Investment banks Morgan Stanley, Citigroup, Bank of America, Goldman Sachs, and Deutsche Bank have announced plans to cut operating costs that include eliminating jobs. The cost cutting measures follow decline in trading and investment banking revenue in the second quarter due to reduced deal and trading volume. Chief among the reasons the investment banks attribute to decline in M&A and trading activity is the concern that Greece would leave the euro and the region’s sovereign-debt crisis would spread to other nations.

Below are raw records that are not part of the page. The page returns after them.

(* Let $s,t\in\mathbb{R}$ with $s\ne0$, $t\ne0$, $s^2+4t>0$, and $q=\varphi'_{s,t}/\varphi_{s,t}$. (1) If $\lvert q\rvert<1$, then on the disk of convergence of its series, $\mathrm{Exp}_{s,t}(z)=\prod_{k=0}^\infty\frac{\varphi_{s,t}^{k+1}}{\varphi_{s,t}^{k+1}-(\varphi_{s,t}-\varphi'_{s,t})\varphi_{s,t}'^{\,k}z}$, and this product gives the meromorphic continuation of $\mathrm{Exp}_{s,t}$ to $\mathbb{C}$. (2) If $\lvert q\rvert>1$, then $\mathrm{Exp}_{s,t}(z)=\prod_{k=0}^\infty\Big(1-(\varphi_{s,t}-\varphi'_{s,t})\frac{\varphi_{s,t}^{k}}{\varphi_{s,t}'^{\,k+1}}z\Big)$.
   Context: $\varphi_{s,t}=\frac{s+\sqrt{s^2+4t}}{2}$, $\varphi'_{s,t}=\frac{s-\sqrt{s^2+4t}}{2}$. Generalized Fibonacci polynomials: $\{0\}_{s,t}=0$, $\{1\}_{s,t}=1$, $\{n+2\}_{s,t}=s\{n+1\}_{s,t}+t\{n\}_{s,t}$; Fibotorial $\{n\}_{s,t}!=\prod_{k=1}^n\{k\}_{s,t}$, $\{0\}_{s,t}!=1$. $\mathrm{Exp}_{s,t}(z)=\sum_{n=0}^\infty\varphi_{s,t}^{\binom n2}\frac{z^n}{\{n\}_{s,t}!}$. *)

From Stdlib Require Import Reals.
From Coquelicot Require Import Coquelicot.
Open Scope R_scope.

Definition phi (s t : R) : R := (s + sqrt (s ^ 2 + 4 * t)) / 2.
Definition phi' (s t : R) : R := (s - sqrt (s ^ 2 + 4 * t)) / 2.

Fixpoint fibst (s t : R) (n : nat) : R :=
  match n with
  | O => 0
  | S O => 1
  | S ((S m) as p) => s * fibst s t p + t * fibst s t m
  end.

Fixpoint fibotorial (s t : R) (n : nat) : R :=
  match n with
  | O => 1
  | S m => fibotorial s t m * fibst s t (S m)
  end.

(* real coefficient of z^n in Exp_{s,t}: phi^{binom n 2} / {n}! *)
Definition Exp_coef (s t : R) (n : nat) : R :=
  phi s t ^ (n * (n - 1) / 2) / fibotorial s t n.

Fixpoint Cpow (z : C) (n : nat) : C :=
  match n with
  | O => RtoC 1
  | S m => Cmult (Cpow z m) z
  end.

Definition Exp_term (s t : R) (z : C) (n : nat) : C :=
  Cmult (RtoC (Exp_coef s t n)) (Cpow z n).

Fixpoint Cprod (f : nat -> C) (N : nat) : C :=
  match N with
  | O => RtoC 1
  | S m => Cmult (Cprod f m) (f m)
  end.

Definition is_inf_prod (f : nat -> C) (L : C) : Prop :=
  filterlim (fun N => Cprod f N) eventually (locally L).

Definition in_disk_of_conv (a : nat -> R) (z : C) : Prop :=
  exists r : R, Cmod z < r /\ exists M : R, forall n, Rabs (a n) * r ^ n <= M.

Definition C_holo_at (f : C -> C) (z : C) : Prop :=
  @ex_derive C_AbsRing C_NormedModule f z.
Lemma measurable_fun_locally_finite_BSM_comp {dz} {Z : measurableType dz} {h : Z -> Y} :
  measurable (Y0 : set (BorelT Y)) -> measurable_fun setT (h : Z -> BorelT Y) ->
  (forall z, Y0 (h z)) ->
  forall U : set (BorelT X), measurable U -> measurable_fun setT (fun z => lam (h z) U).
Proof.
move=> mY0 mh hY0 U mU.
have -> : (fun z => lam (h z) U) = (fun y : BorelT Y => lam y (U `&` X0)) \o h.
  by apply/funext => z /=; exact: locally_finite_BSM_setI.
apply: (measurable_comp mY0) => //; first by move=> _ [z _ <-].
case: hlam => _ _ mlam _; apply: mlam; [exact: measurableI|exact: subIsetr].
Qed.

End locally_finite_BSM_theory.

Lemma indic_iff {R : realType} {X Y : Type} (A : set X) (B : set Y) x y :
  (A x <-> B y) -> \1_A x = \1_B y :> R.
Proof.
move=> AB; rewrite !indicE.
by have -> : (x \in A) = (y \in B) by apply/idP/idP => /set_mem /AB /mem_set.
Qed.

Section prod_dirac.
Context {R : realType} {S G T : ptopologicalType}
  (mu : {measure set (BorelT S) -> \bar R}) (nu : {measure set (BorelT T) -> \bar R})
  (y : G).

Definition prod_dirac (E : set (BorelT (S * G * T)%type)) : \bar R :=
  \int[mu]_s \int[nu]_t (\1_E ((s, y, t) : (S * G * T)%type))%:E.

Lemma measurable_prod_dirac_slice s (E : set (BorelT (S * G * T)%type)) : measurable E ->
  measurable ((fun t => (s, y, t)) @^-1` E : set (BorelT T)).
Proof.
move=> mE; have cst_st : continuous (fun t : T => ((s, y, t) : (S * G * T)%type)).
  move=> t; apply: (@cvg_pair _ _ _ (nbhs t) (nbhs (s, y)) (nbhs t)).
  - exact: cvg_cst.
  - exact: cvg_id.
by have := continuous_Borel_measurable _ cst_st measurableT _ mE; rewrite setTI.
Qed.

Lemma prod_dirac_inner s (E : set (BorelT (S * G * T)%type)) : measurable E ->
  \int[nu]_t (\1_E ((s, y, t) : (S * G * T)%type))%:E = nu ((fun t => (s, y, t)) @^-1` E).
Proof.
move=> mE; have := integral_indic nu measurableT (measurable_prod_dirac_slice s _ mE).
rewrite setIT => <-.
by apply: eq_integral => t _; rewrite !indicE.
Qed.

Lemma prod_dirac_setX (B : set S) (D : set G) (C : set T) :
  measurable (B : set (BorelT S)) -> measurable (C : set (BorelT T)) ->
  prod_dirac ((B `*` D) `*` C) = mu B * ((\1_D y)%:E * nu C).
Proof.
move=> mB mC; rewrite /prod_dirac.
have indicX s t : \1_((B `*` D) `*` C) ((s, y, t) : (S * G * T)%type) =
    (\1_B s * \1_D y * \1_C t)%R :> R.
  by rewrite !indicE !in_setX /=; do 3 case: (_ \in _); rewrite ?mul1r ?mul0r ?mulr0.
transitivity (\int[mu]_s ((\1_B s)%:E * ((\1_D y)%:E * nu C))); last first.
  by rewrite ge0_integralZr // ?integral_indic ?setIT //; exact/measurable_EFinP/measurable_indic.
apply: eq_integral => s _.
under eq_integral => t _ do rewrite indicX EFinM.
rewrite ge0_integralZl //; last exact/measurable_EFinP/measurable_indic.
by rewrite integral_indic // setIT EFinM muleA.
Qed.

Morgan Stanley cuts pay pool for investment bank
The sixth-largest U.S. bank by assets, Morgan Stanley, paid a total of $3.53 billion in the first six months of the year to investment bank employees in salaries, bonuses and benefits. The amount was 15 percent lower from a year earlier. In addition, the bank plans to cut staff strength by another 700 in the second half of the year, bringing total 2012 staff reductions to 4,000. Morgan Stanley’s company wide compensation expense, the firm’s largest expense, was down to $8.1 billion for the first six months this year from $8.9 billion for the corresponding period in 2011.
Deutsche Bank to cut 1,000 investment bank jobs
Deutsche Bank is planning to cut about 1,000 jobs at its investment bank. The cuts will slash the bank’s investment banking staff by roughly 10 percent and will target senior investment banking and back-office jobs outside of Germany. The decision to cut jobs is somewhat of a surprise since bank officials said in April they had no plans to trim the investment banking division. However since April, many companies have either withdrawn or delayed their planned initial public offerings and other deals due to uncertainty surrounding Greece’s national elections and the Spanish bailout.

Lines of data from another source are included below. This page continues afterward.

(* Let $\Delta$ be a local derivation of $\mathcal{S}$ with $\Delta(L_0)=\Delta(L_1)=0$. Then $\Delta(G_0)=0$.
   Context: $\mathcal{S}$ is the centerless super Virasoro algebra: the Lie superalgebra over $\mathbb{C}$ with basis $\{L_m,G_n: m,n\in\mathbb{Z}\}$, $L_m$ even, $G_n$ odd, and brackets $[L_m,L_n]=(m-n)L_{m+n}$, $[L_m,G_r]=(\frac m2-r)G_{m+r}$, $[G_r,G_s]=2L_{r+s}$. A homogeneous linear map $D$ of parity $|D|$ is a derivation if $D([x,y])=[D(x),y]+(-1)^{|D||x|}[x,D(y)]$ for homogeneous $x,y$; derivations are sums of even and odd ones. A linear map $\Delta:\mathcal{S}\to\mathcal{S}$ is a local derivation if for every $x$ there is a derivation $D_x$ with $\Delta(x)=D_x(x)$. *)

From mathcomp Require Import all_boot all_algebra.
From mathcomp Require Import complex.
From mathcomp Require Import reals Rstruct.
From mathcomp Require Import finmap monalg.
Set Implicit Arguments. Unset Strict Implicit. Unset Printing Implicit Defensive.
Import GRing.Theory.
Local Open Scope ring_scope.

Definition C : numClosedFieldType := (Rdefinitions.R)[i].

(* Finitely supported families Z -> C, i.e. the span of symbols indexed by Z. *)
Definition Fam := {malg C[int]}.

(* The centerless super Virasoro algebra S = S_0 (+) S_1 as a vector space:
   first component = even part (span of the L_m), second = odd part (span of G_n). *)
Definition S : lmodType C := (Fam * Fam)%type.

Definition L (m : int) : S := (<< m >>, 0).
Definition G (n : int) : S := (0, << n >>).

(* Bilinear extension of the brackets
   [L_m,L_n]=(m-n)L_{m+n}, [L_m,G_r]=(m/2-r)G_{m+r}, [G_r,L_m]=-(m/2-r)G_{m+r},
   [G_r,G_s]=2L_{r+s}. *)
Definition bracket (x y : S) : S :=
  ( \sum_(m <- msupp x.1) \sum_(n <- msupp y.1)
        << (x.1@_m * y.1@_n * (m - n)%:~R) *g (m + n) >>
    + \sum_(r <- msupp x.2) \sum_(s <- msupp y.2)
        << (x.2@_r * y.2@_s * 2) *g (r + s) >>
  , \sum_(m <- msupp x.1) \sum_(r <- msupp y.2)
        << (x.1@_m * y.2@_r * (m%:~R / 2 - r%:~R)) *g (m + r) >>
    - \sum_(r <- msupp x.2) \sum_(m <- msupp y.1)
        << (x.2@_r * y.1@_m * (m%:~R / 2 - r%:~R)) *g (m + r) >> ).

(* homogeneity: parity false = even, true = odd *)
Definition homog (p : bool) (x : S) : Prop :=
  if p then x.1 = 0 else x.2 = 0.

Definition is_linear (f : S -> S) : Prop :=
  forall (k : C) (u v : S), f (k *: u + v) = k *: f u + f v.

Definition is_homog_map (p : bool) (D : S -> S) : Prop :=
  forall (q : bool) (x : S), homog q x -> homog (p (+) q) (D x).

Definition is_homog_derivation (p : bool) (D : S -> S) : Prop :=
  [/\ is_linear D, is_homog_map p D &
      forall (q r : bool) (x y : S), homog q x -> homog r y ->
        D (bracket x y) = bracket (D x) y + (-1) ^+ (p && q) *: bracket x (D y)].

Definition is_derivation (D : S -> S) : Prop :=
  exists D0 D1 : S -> S,
    [/\ is_homog_derivation false D0, is_homog_derivation true D1 &
        forall x, D x = D0 x + D1 x].

Definition is_local_derivation (Delta : S -> S) : Prop :=
  is_linear Delta /\
  forall x : S, exists D : S -> S, is_derivation D /\ Delta x = D x.

(* Every derivation D = D_0 + D_1 of S satisfies the Leibniz rule on brackets
   [L_i, y] (L_i is even), so comparing coefficients in [L_0, y] shows that
   off the diagonal D(L_m) and D(G_m) are determined by A = D(L_0); a few
   more Leibniz identities around degree 0 relate D(G_0), D(G_1) and D(L_1).
   For the local derivation, Delta agrees on a x + y (x with Delta x = 0)
   with some derivation D; choosing a as either square root of a suitable
   number, the two resulting relations force single coefficients of Delta(G_0)
   and Delta(G_1) to vanish.  Testing on t G_1 + G_0 (using that A has finite
   support) gives an identity quadratic in t, which identifies the remaining
   L_0-coefficient of Delta(G_0) with the L_1-coefficient of Delta(G_1),
   and the latter vanishes. *)

From mathcomp Require Import all_boot all_algebra.
From mathcomp Require Import complex reals Rstruct finmap monalg.
From mathcomp Require Import ring zify.
Local Open Scope ring_scope.
Import GRing.Theory Num.Theory.

Definition cL (n : int) (y : S) : C := y.1@_n.
Definition cG (n : int) (y : S) : C := y.2@_n.

Lemma S_ext (x y : S) :
  (forall n, cL n x = cL n y) -> (forall n, cG n x = cG n y) -> x = y.
Proof. by case: x => x1 x2; case: y => y1 y2 /= H1 H2; congr pair; apply/malgP. Qed.

Lemma cLD n (u w : S) : cL n (u + w) = cL n u + cL n w. Proof. exact: mcoeffD. Qed.
Lemma cGD n (u w : S) : cG n (u + w) = cG n u + cG n w. Proof. exact: mcoeffD. Qed.
Lemma cLZ n k (u : S) : cL n (k *: u) = k * cL n u. Proof. exact: mcoeffZ. Qed.
Lemma cGZ n k (u : S) : cG n (k *: u) = k * cG n u. Proof. exact: mcoeffZ. Qed.
Lemma cL_lincomb n a (u v : S) : cL n (a *: u + v) = a * cL n u + cL n v.
Proof. by rewrite cLD cLZ. Qed.
Lemma cG_lincomb n a (u v : S) : cG n (a *: u + v) = a * cG n u + cG n v.
Proof. by rewrite cGD cGZ. Qed.
Lemma cL0 n : cL n 0 = 0. Proof. exact: mcoeff0. Qed.
Lemma cG0 n : cG n 0 = 0. Proof. exact: mcoeff0. Qed.
Lemma cLL n m : cL n (L m) = (m == n)%:R. Proof. exact: mcoeffU. Qed.
Lemma cGL n m : cG n (L m) = 0. Proof. exact: mcoeff0. Qed.
Lemma cLG n m : cL n (G m) = 0. Proof. exact: mcoeff0. Qed.
Lemma cGG n m : cG n (G m) = (m == n)%:R. Proof. exact: mcoeffU. Qed.

Lemma mcoeff_shift_sum (p : Fam) (F f : int -> C) (h : int -> int) (k n : int) :
  (forall a, F a = p@_a * f a) -> (forall a, h a = a + k) ->
  (\sum_(a <- msupp p) << F a *g h a >>)@_n = p@_(n - k) * f (n - k).
Proof.
move=> eF eh; rewrite raddf_sum /=.
under eq_bigr => a _ do rewrite eF eh mcoeffU mulrb.
rewrite -big_mkcond /=.
under eq_bigl => a do rewrite -(inj_eq (addIr (- k))) addrK.
case: (boolP (n - k \in msupp p)) => Hin; first by rewrite (fbig_pred1_inj (k := id)).
rewrite big1_seq ?(mcoeff_outdom Hin) ?mul0r // => a /andP [/eqP -> Ha].
by rewrite Ha in Hin.
Qed.

Lemma msupp_unit (m : int) : msupp (<< m >> : Fam) = [fset m]%fset.
Proof. by rewrite msuppU oner_eq0. Qed.

(* An opaque copy of the bracket: its only interface is the coefficient
   formulas below, which keeps the big sums of [bracket] from unfolding. *)
Fact br_key : unit. Proof. by []. Qed.
Definition br := locked_with br_key bracket.
Lemma br_def : br = bracket. Proof. exact: locked_withE. Qed.

Lemma big_inner_fset0 (s : seq int) (F : int -> int -> Fam) :
  \sum_(a <- s) \sum_(b <- (fset0 : {fset int})) F a b = 0.
Proof. by rewrite big1 // => a _; rewrite big_seq_fset0. Qed.
Lemma big_inner_fset1 (s : seq int) (F : int -> int -> Fam) m :
  \sum_(a <- s) \sum_(b <- [fset m]%fset) F a b = \sum_(a <- s) F a m.
Proof. by apply: eq_bigr => a _; rewrite big_seq_fset1. Qed.

Ltac unfold_br :=
  rewrite br_def /bracket /L /G /cL /cG /=;
  rewrite ?msupp0 ?msupp_unit ?big_inner_fset0 ?big_inner_fset1;
  rewrite ?big_seq_fset0 ?big_seq_fset1 ?mcoeffUU ?mcoeffD ?mcoeffN ?mcoeff0;
  rewrite ?oppr0 ?addr0 ?add0r ?subr0 ?sub0r.

Ltac shift_sum f k :=
  rewrite (@mcoeff_shift_sum _ _ f _ k) //;
  by move=> ?; rewrite ?mulr1 ?mul1r // addrC.

(* The coefficients of a bracket with a basis element, in the shifted form
   n = k + m that is convenient for instantiating indices. *)
Lemma cL_yL y m n k : n - m = k -> cL n (br y (L m)) = cL k y * (k - m)%:~R.
Proof. by move<-; unfold_br; shift_sum (fun a => (a - m)%:~R : C) m. Qed.
Lemma cG_yL y m n k : n - m = k ->
  cG n (br y (L m)) = - (cG k y * (m%:~R / 2 - k%:~R)).
Proof. by move<-; unfold_br; shift_sum (fun a => m%:~R / 2 - a%:~R : C) m. Qed.
Lemma cL_yG y s n k : n - s = k -> cL n (br y (G s)) = cG k y * 2.
Proof. by move<-; unfold_br; shift_sum (fun _ : int => 2 : C) s. Qed.
Lemma cG_yG y s n k : n - s = k -> cG n (br y (G s)) = cL k y * (k%:~R / 2 - s%:~R).
Proof. by move<-; unfold_br; shift_sum (fun a => a%:~R / 2 - s%:~R : C) s. Qed.
Lemma cL_Ly m y n k : n - m = k -> cL n (br (L m) y) = cL k y * (m - k)%:~R.
Proof. by move<-; unfold_br; shift_sum (fun a => (m - a)%:~R : C) m. Qed.
Lemma cG_Ly m y n k : n - m = k -> cG n (br (L m) y) = cG k y * (m%:~R / 2 - k%:~R).
Proof. by move<-; unfold_br; shift_sum (fun a => m%:~R / 2 - a%:~R : C) m. Qed.
Lemma cL_Gy r y n k : n - r = k -> cL n (br (G r) y) = cG k y * 2.
Proof. by move<-; unfold_br; shift_sum (fun _ : int => 2 : C) r. Qed.
Lemma cG_Gy r y n k : n - r = k ->
  cG n (br (G r) y) = - (cL k y * (k%:~R / 2 - r%:~R)).
Proof. by move<-; unfold_br; shift_sum (fun a => a%:~R / 2 - r%:~R : C) r. Qed.

Lemma brDl_L (u w : S) m : br (u + w) (L m) = br u (L m) + br w (L m).
Proof.
apply: S_ext => n;
  rewrite ?cLD ?cGD ?(cL_yL _ _ _ _ erefl) ?(cG_yL _ _ _ _ erefl) ?cLD ?cGD; ring.
Qed.
Lemma brDl_G (u w : S) m : br (u + w) (G m) = br u (G m) + br w (G m).
Proof.
apply: S_ext => n;
  rewrite ?cLD ?cGD ?(cL_yG _ _ _ _ erefl) ?(cG_yG _ _ _ _ erefl) ?cLD ?cGD; ring.
Qed.
Lemma brDr_L (u w : S) m : br (L m) (u + w) = br (L m) u + br (L m) w.
Proof.
apply: S_ext => n;
  rewrite ?cLD ?cGD ?(cL_Ly _ _ _ _ erefl) ?(cG_Ly _ _ _ _ erefl) ?cLD ?cGD; ring.
Qed.

Lemma eq_shift (i j n : int) : (j == n - i) = (i + j == n).
Proof. by rewrite eq_sym subr_eq addrC. Qed.

Lemma brLL i j : br (L i) (L j) = (i - j)%:~R *: L (i + j).
Proof.
apply: S_ext => n;
  rewrite ?(cL_Ly _ _ _ _ erefl) ?(cG_Ly _ _ _ _ erefl) ?cLZ ?cGZ ?cLL ?cGL ?mulr0 ?mul0r //.
by rewrite eq_shift; case: eqP => [<-|_]; rewrite ?mulr1 ?mul1r ?mul0r ?mulr0 // addrAC subrr add0r.
Qed.
Lemma brLG i j : br (L i) (G j) = (i%:~R / 2 - j%:~R) *: G (i + j).
Proof.
apply: S_ext => n;
  rewrite ?(cL_Ly _ _ _ _ erefl) ?(cG_Ly _ _ _ _ erefl) ?cLZ ?cGZ ?cLG ?cGG ?mulr0 ?mul0r //.
by rewrite eq_shift; case: eqP => [<-|_]; rewrite ?mulr1 ?mul1r ?mul0r ?mulr0 // addrAC subrr add0r.
Qed.
Lemma brGG i j : br (G i) (G j) = 2 *: L (i + j).
Proof.
apply: S_ext => n;
  rewrite ?(cL_Gy _ _ _ _ erefl) ?(cG_Gy _ _ _ _ erefl) ?cLZ ?cGZ ?cLL ?cGG ?cLG ?cGL
          ?mul0r ?mulr0 ?oppr0 //.
by rewrite eq_shift mulrC.
Qed.

Lemma two_neq0 : (2 : C) != 0. Proof. by rewrite pnatr_eq0. Qed.
Lemma mul2_eq0 (x : C) : x * 2 = 0 -> x = 0.
Proof. by move/eqP; rewrite mulf_eq0 (negbTE two_neq0) orbF => /eqP. Qed.

(* Solving the coefficient identity given by the Leibniz rule for [L_0, x]. *)
Lemma solve_ad0 (x b u v : C) (m n : int) :
  u * x = b + x * v -> u = - m%:~R -> v = - n%:~R -> (n - m)%:~R * x = b.
Proof. by move=> e eu ev; rewrite -[b](addrK (x * v)) -e eu ev intrB; ring. Qed.

Lemma lincomb3 (a b c l1 r1 l2 r2 l3 r3 x : C) : l1 = r1 -> l2 = r2 -> l3 = r3 ->
  x = a * (l1 - r1) + b * (l2 - r2) + c * (l3 - r3) -> x = 0.
Proof. by move=> -> -> -> ->; rewrite !subrr !mulr0 !addr0. Qed.
Arguments lincomb3 a b c {l1 r1 l2 r2 l3 r3 x}.

Lemma eq_by_factor (f g l r : C) : g = 0 -> l - r = f * g -> l = r.
Proof. by move=> -> /eqP; rewrite mulr0 subr_eq0 => /eqP. Qed.

Lemma sqrt_sign_trick (q c x y : C) : q != 0 -> c != 0 ->
  (forall a, a != 0 -> a ^+ 2 = q -> a * c * x = y) -> x = 0.
Proof.
move=> q0 c0 rel; set a := sqrtC q.
have a2 : a ^+ 2 = q := sqrtCK q.
have a0 : a != 0 by apply: contraNneq q0 => a0; rewrite -a2 a0 expr2 mul0r.
have e1 := rel a a0 a2.
have e2 : - a * c * x = y by apply: rel; rewrite ?oppr_eq0 ?sqrrN.
have : (a * c) * (2 * x) = 0 by rewrite -(subrr y) -{1}e1 -e2; ring.
by move/eqP; rewrite !mulf_eq0 (negbTE a0) (negbTE c0) (negbTE two_neq0) => /eqP.
Qed.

Citigroup to cut 350 more jobs in investment bank, trading
Citigroup plans to cut about 350 additional jobs this year from the securities division, which includes investment banking and trading operations. The reductions amount to about 2 percent of the unit’s staff. The company attributed the additional job cuts to the need to control expenses in light of weak market conditions. Back in January, Citigroup announced plans to cut 1,200 people to save $600 million this year at the securities and banking division.
Goldman Sachs to cut senior positions, hire junior employees
Goldman Sachs is embarking on a new round of cost cutting measures, which will include laying off some senior employees. The investment bank has increased its planned annual cost reduction target to $1.9 billion from the previously announced target of $1.4 billion. During the June quarter, investment banking revenue decreased 17 percent compared to the corresponding prior year quarter. The bank plans to cut senior positions, but it still plans to hire junior employees through channels such as regular campus recruiting.
Bank of America Plans $3 Billion in New Cost Cuts
Bank of America plans to slash costs by $3 billion annually in commercial lending, investment banking and wealth management. The bank did not detail planned job cuts in the latest round of the plan. It shrunk its workforce by approx. 12,000 at the end of June.